Dealing with HR and its related issues is seen as a time-consuming distraction by many UK business leaders, with employment legislation voted the principal red tape burden.

A poll of 427 Institiute of Directors members found that health and safety was the second greatest source of concern – principally in terms of its distraction of management effort and its cost.

Other key concerns included the Working Time Directive, payroll processing of social security benefits and the work involved in supplying statistics to the Office of National Statistics and other government agencies.

More than eight out of ten of the business leaders surveyed said that issues such as flexible working, maternity arrangements and employment tribunals were a ‘major’ or ‘significant’ distraction from the central task of running the company.

Four out of ten said that employment law was a ‘major’ distraction, with two out of ten making the same complaint about health and safety legislation.

More than seven out of ten also said that employment legislation was a real disincentive to growing their business and creating jobs.

One respondent to the survey, the managing director of an employment agency supplying the care homes sector, described new regulation in the Care Standards Act 2000 as: “a massive new set of unnecessary regulations….Prices have risen by 6-10% as a result.
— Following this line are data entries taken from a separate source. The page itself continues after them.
(* Let $f:\{0,1\}^n\to\{\pm1\}$ be $k$-monotone. Then $\sum_{r=0}^{n-1}\mathbf I[f|_r]\le kn$.
   Context: A function $g:\{0,1\}^n\to\{0,1\}$ is monotone if $x\preceq y$ coordinatewise implies $g(x)\le g(y)$; it is $k$-monotone if it is the XOR of $k$ monotone functions. $f:\{0,1\}^n\to\{\pm1\}$ is $k$-monotone if $(1-f)/2$ is $k$-monotone. For $0\le r\le n$, $\binom{[n]}{r}=\{x\in\{0,1\}^n:\sum_ix_i=r\}$ with the uniform distribution and $f|_r$ is the restriction of $f$ to it. For $g:\binom{[n]}{r}\to\{\pm1\}$ and $i,j\in[n]$, $\mathbf I_{ij}[g]=2\Pr_x[g(x^{(i,j)})\ne g(x)]$, where $x$ is uniform on the slice and $x^{(i,j)}$ is $x$ with coordinates $i$ and $j$ swapped; the total influence is $\mathbf I[g]=\frac1n\sum_{1\le i<j\le n}\mathbf I_{ij}[g]$. *)

From HB Require Import structures.
From mathcomp Require Import all_boot all_order all_algebra.
From mathcomp Require Import fingroup perm.
Set Implicit Arguments. Unset Strict Implicit. Unset Printing Implicit Defensive.
Import Order.TTheory GRing.Theory Num.Theory.
Local Open Scope ring_scope.

(* The hypercube {0,1}^n : points are functions 'I_n -> bool (true = 1). *)
Definition cube (n : nat) := {ffun 'I_n -> bool}.

Definition cube_le n (x y : cube n) : Prop := forall i, x i ==> y i.

Definition monotone_fn n (g : cube n -> bool) : Prop :=
  forall x y : cube n, cube_le x y -> g x ==> g y.

Definition k_monotone n (k : nat) (g : cube n -> bool) : Prop :=
  exists gs : 'I_k -> cube n -> bool,
    (forall j, monotone_fn (gs j)) /\
    (forall x, g x = \big[addb/false]_(j < k) gs j x).

Definition pm_k_monotone n (k : nat) (f : cube n -> rat) : Prop :=
  k_monotone k (fun x => (1 - f x) / 2 == 1).

Definition weight n (x : cube n) : nat := #|[set i | x i]|.
Definition slice n (r : nat) : {set cube n} := [set x | weight x == r].

Definition swapij n (i j : 'I_n) (x : cube n) : cube n :=
  [ffun l => x (tperm i j l)].

Definition infl_ij n (f : cube n -> rat) (r : nat) (i j : 'I_n) : rat :=
  2 * (#|[set x in slice n r | f (swapij i j x) != f x]|%:R / #|slice n r|%:R).

Definition total_infl n (f : cube n -> rat) (r : nat) : rat :=
  n%:R^-1 * \sum_(i < n) \sum_(j < n | (i < j)%N) infl_ij f r i j.

From mathcomp Require Import all_boot all_order all_algebra.
From mathcomp Require Import perm.
From mathcomp Require Import ring.
Import Order.TTheory GRing.Theory Num.Theory.
Local Open Scope ring_scope.
Set Implicit Arguments. Unset Strict Implicit.

(* Weight every up-edge of the cube leaving level m by m! (n-m-1)!, the number
   of maximal chains through it.  A monotone function switches at most once
   along a chain, so its weighted edge boundary is at most n!; by
   subadditivity of the boundary under XOR, that of a k-monotone function is
   at most k n!.  On the slice of weight r, a swap x -> x^(i,j) with x_i = 1,
   x_j = 0 is an up-step at j followed by a down-step at i, which bounds the
   swap influence by 2r times the number of boundary up-edges leaving the
   slice.  Normalising and using 4r(n-r) <= n^2 gives the theorem. *)

Section Cube.
Local Open Scope nat_scope.
Variable n : nat.
Implicit Types (x : cube n) (a : 'I_n).

Definition flip a x : cube n := [ffun l => if l == a then ~~ x l else x l].

Lemma flipK a : involutive (flip a).
Proof. by move=> x; apply/ffunP=> l; rewrite !ffunE; case: eqP => // _; rewrite negbK. Qed.

Lemma flip_inj a : injective (flip a).
Proof. exact: inv_inj (@flipK a). Qed.

Lemma flip_at a x : flip a x a = ~~ x a.
Proof. by rewrite ffunE eqxx. Qed.

Lemma flip_ne a x l : l != a -> flip a x l = x l.
Proof. by rewrite ffunE => /negbTE ->. Qed.

Lemma sum_flip a (F : cube n -> nat) :
  \sum_(x : cube n) F x = \sum_(x : cube n) F (flip a x).
Proof. exact: (reindex_inj (@flip_inj a)). Qed.

Lemma weight_flip_up a x : ~~ x a -> weight (flip a x) = (weight x).+1.
Proof.
move=> xa; rewrite /weight.
have -> : [set i | flip a x i] = a |: [set i | x i].
  by apply/setP=> i; rewrite !inE ffunE; case: eqP => [->|] //=; rewrite (negbTE xa).
by rewrite cardsU1 inE xa.
Qed.

Lemma weight_flip_down a x : x a -> weight (flip a x) = (weight x).-1.
Proof.
move=> xa; rewrite /weight.
have -> : [set i | flip a x i] = [set i | x i] :\ a.
  by apply/setP=> i; rewrite !inE ffunE; case: eqP => [->|] //=; rewrite xa.
by rewrite [in RHS](cardsD1 a) inE xa.
Qed.

Lemma weight_gt0 a x : x a -> 0 < weight x.
Proof. by move=> xa; rewrite /weight (cardsD1 a) inE xa. Qed.

Lemma weight_le x : weight x <= n.
Proof. by rewrite /weight; apply: leq_trans (max_card _) _; rewrite card_ord. Qed.

Lemma sum_coords x : \sum_(i < n) x i = weight x.
Proof.
rewrite /weight -sum1_card [in RHS]big_mkcond /=; apply: eq_bigr => i _.
by rewrite inE; case: (x i).
Qed.

Lemma sum_coordsN x : \sum_(a < n) ~~ x a = n - weight x.
Proof.
apply: (@addnI (weight x)); rewrite subnKC ?weight_le // -sum_coords -big_split /=.
rewrite (eq_bigr (fun _ => 1)); last by move=> a _; case: (x a).
by rewrite sum1_card card_ord.
Qed.

Lemma sum_coords_ne x a : x a -> \sum_(j < n) (x j && (j != a)) = (weight x).-1.
Proof.
move=> xa; rewrite -sum_coords [in RHS](bigD1 a) //= xa add1n /=.
by rewrite [RHS]big_mkcond; apply: eq_bigr => j _; rewrite andbC; case: (j != a).
Qed.

Lemma sum_weight_full_le1 : \sum_(x : cube n) (weight x == n) <= 1.
Proof.
apply: (@leq_trans (\sum_(x : cube n) (x == [ffun => true]))).
  apply: leq_sum => x _; case/boolP: (weight x == n) => // /eqP wx; rewrite lt0b.
  have xT : [set i | x i] = setT.
    by apply/eqP; rewrite eqEcard subsetT cardsT card_ord /=; apply/eq_leq/esym.
  by apply/eqP/ffunP => i; rewrite ffunE; move/setP/(_ i): xT; rewrite !inE.
by rewrite (bigD1 ([ffun => true] : cube n)) //= eqxx big1 // => x /negbTE ->.
Qed.

Lemma swapij_flip (i j : 'I_n) x : x i -> ~~ x j -> swapij i j x = flip i (flip j x).
Proof.
move=> xi xj; have ij : i != j by apply: contraNneq xj => <-.
apply/ffunP=> l; rewrite !ffunE.
case: tpermP => [->|->|/eqP li /eqP lj].
- by rewrite eqxx (negbTE ij) xi (negbTE xj).
- by rewrite eqxx eq_sym (negbTE ij) xi xj.
- by rewrite (negbTE li) (negbTE lj).
Qed.

Lemma swapij_id (i j : 'I_n) x : x i = x j -> swapij i j x = x.
Proof. by move=> e; apply/ffunP=> l; rewrite !ffunE; case: tpermP => [->|->|]. Qed.

Lemma swapijC (i j : 'I_n) x : swapij i j x = swapij j i x.
Proof. by apply/ffunP => l; rewrite !ffunE tpermC. Qed.

Lemma card_slice r : #|slice n r| = 'C(n, r).
Proof.
pose supp x := [set i | x i].
have supp_inj : injective supp.
  by move=> x y /setP e; apply/ffunP => i; move: (e i); rewrite !inE.
rewrite -(card_imset _ supp_inj) -[n in 'C(n, r)]card_ord -card_draws.
suff -> : supp @: slice n r = [set A : {set 'I_n} | #|A| == r] by [].
apply/setP => A; rewrite inE; apply/imsetP/idP => [[x]|hA].
  by rewrite inE => hx ->.
have suppA : supp [ffun i => i \in A] = A by apply/setP => i; rewrite !inE ffunE.
by exists [ffun i => i \in A]; rewrite // inE /weight -/(supp _) suppA.
Qed.

Lemma card_slice_pred r (P : pred (cube n)) :
  #|[set x in slice n r | P x]| = \sum_(x | weight x == r) P x.
Proof.
rewrite -sum1_card big_mkcond [RHS]big_mkcond /=; apply: eq_bigr => x _.
by rewrite !inE; case: (weight x == r); case: (P x).
Qed.

End Cube.

Section Boundary.
Local Open Scope nat_scope.
Variable n : nat.
Implicit Types (x : cube n) (a : 'I_n).

(* The number of maximal chains of the cube through an up-edge leaving level m. *)
Definition chain_weight m := m`! * (n - m.+1)`!.

Lemma chain_weight_flux m : m <= n ->
  chain_weight m.-1 * m <= chain_weight m * (n - m) + (m == n) * n`!.
Proof.
rewrite /chain_weight; case: m => [|m] hm; first by rewrite muln0.
rewrite /= factS; have [<-|ne] := eqVneq m.+1 n.
  by rewrite subnn fact0 muln0 add0n mul1n muln1 factS mulnC.
have lt : m.+1 < n by rewrite ltn_neqAle ne hm.
by rewrite mul0n addn0 -[n - m.+1]subnSK // factS subnSK //; apply: eq_leq; ring.
Qed.

Lemma fact_chain_weight r : r < n -> n`! = 'C(n, r) * (chain_weight r * (n - r)).
Proof.
move=> lt; rewrite -(bin_fact (ltnW lt)) /chain_weight -subnSK // factS; ring.
Qed.

Definition changes_up (T : eqType) (g : cube n -> T) x a :=
  ~~ x a && (g (flip a x) != g x).

Definition wboundary (T : eqType) (g : cube n -> T) :=
  \sum_(x : cube n) \sum_(a < n) changes_up g x a * chain_weight (weight x).

Lemma sum_up_edges (c : nat -> nat) (F : cube n -> nat) :
  \sum_(x : cube n) \sum_(a < n) ~~ x a * c (weight x) * F (flip a x)
  = \sum_(x : cube n) F x * (c (weight x).-1 * weight x).
Proof.
rewrite exchange_big /=; under eq_bigr => a _ do rewrite (sum_flip a).
rewrite exchange_big /=; apply: eq_bigr => x _.
rewrite mulnA -{2}sum_coords big_distrr /=; apply: eq_bigr => a _.
rewrite flip_at flipK negbK.
by case xa: (x a); rewrite /= ?(weight_flip_down xa); ring.
Qed.

(* Along an up-edge a monotone h either stays or jumps from 0 to 1, so the weighted
   boundary is the weighted sum of h over heads minus that over tails; by
   chain_weight_flux these cancel everywhere except at the all-ones point. *)
Lemma wboundary_monotone (h : cube n -> bool) : monotone_fn h -> wboundary h <= n`!.
Proof.
move=> hm; set c := chain_weight.
have up_step x a : changes_up h x a * c (weight x) + ~~ x a * c (weight x) * h x
    = ~~ x a * c (weight x) * h (flip a x).
  rewrite /changes_up; case xa: (x a) => /=; first by rewrite !mul0n.
  have le : cube_le x (flip a x).
    by move=> i; case: (eqVneq i a) => [->|ia]; rewrite ?xa // flip_ne // implybb.
  by move: (hm _ _ le); case: (h x); case: (h (flip a x)) => //= _; ring.
set S := \sum_(x : cube n) h x * (c (weight x) * (n - weight x)).
have flux : wboundary h + S = \sum_(x : cube n) h x * (c (weight x).-1 * weight x).
  rewrite -sum_up_edges /S /wboundary -big_split; apply: eq_bigr => x _.
  rewrite -sum_coordsN !big_distrr -big_split; apply: eq_bigr => a _ /=.
  by rewrite -up_step; congr (_ + _); ring.
have flux_le x : h x * (c (weight x).-1 * weight x)
    <= h x * (c (weight x) * (n - weight x)) + (weight x == n) * n`!.
  by case: (h x); rewrite ?mul0n ?mul1n // chain_weight_flux // weight_le.
rewrite -(leq_add2r S) flux addnC.
apply: (@leq_trans (\sum_(x : cube n)
    (h x * (c (weight x) * (n - weight x)) + (weight x == n) * n`!))).
  by apply: leq_sum => x _; apply: flux_le.
rewrite big_split leq_add2l -big_distrl -[X in _ <= X]mul1n.
by rewrite leq_mul2r sum_weight_full_le1 orbT.
Qed.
Recruitment of staff to the care industry has become more difficult.”

But the Chartered Institute of Personnel and Development (CIPD) pointed out that the survey revels the gulf in mindset between many company directors and those concerned with HR, with business leaders needing much more convincing that HR policies can have a real impact on the bottom line.

“There is a difference in mindset between HR and directors that needs to be tackled. A survey of our members in terms of flexible working rights, for example showed the majority thought it was helping to run the business,” the CIPD said.

The IoD’s Director General, George Cox, said: "The first step in tackling red tape is to identify where the biggest challenges lie. This survey does that – it gets down to the detail, for the first time, identifying those areas where rules and regulations affect business. It gives us a clear answer – the increasingly complex system of rules and regulations that employers face for every job they create."

"If Britain is to remain competitive in world markets we must get to grips with these problems.,” he added.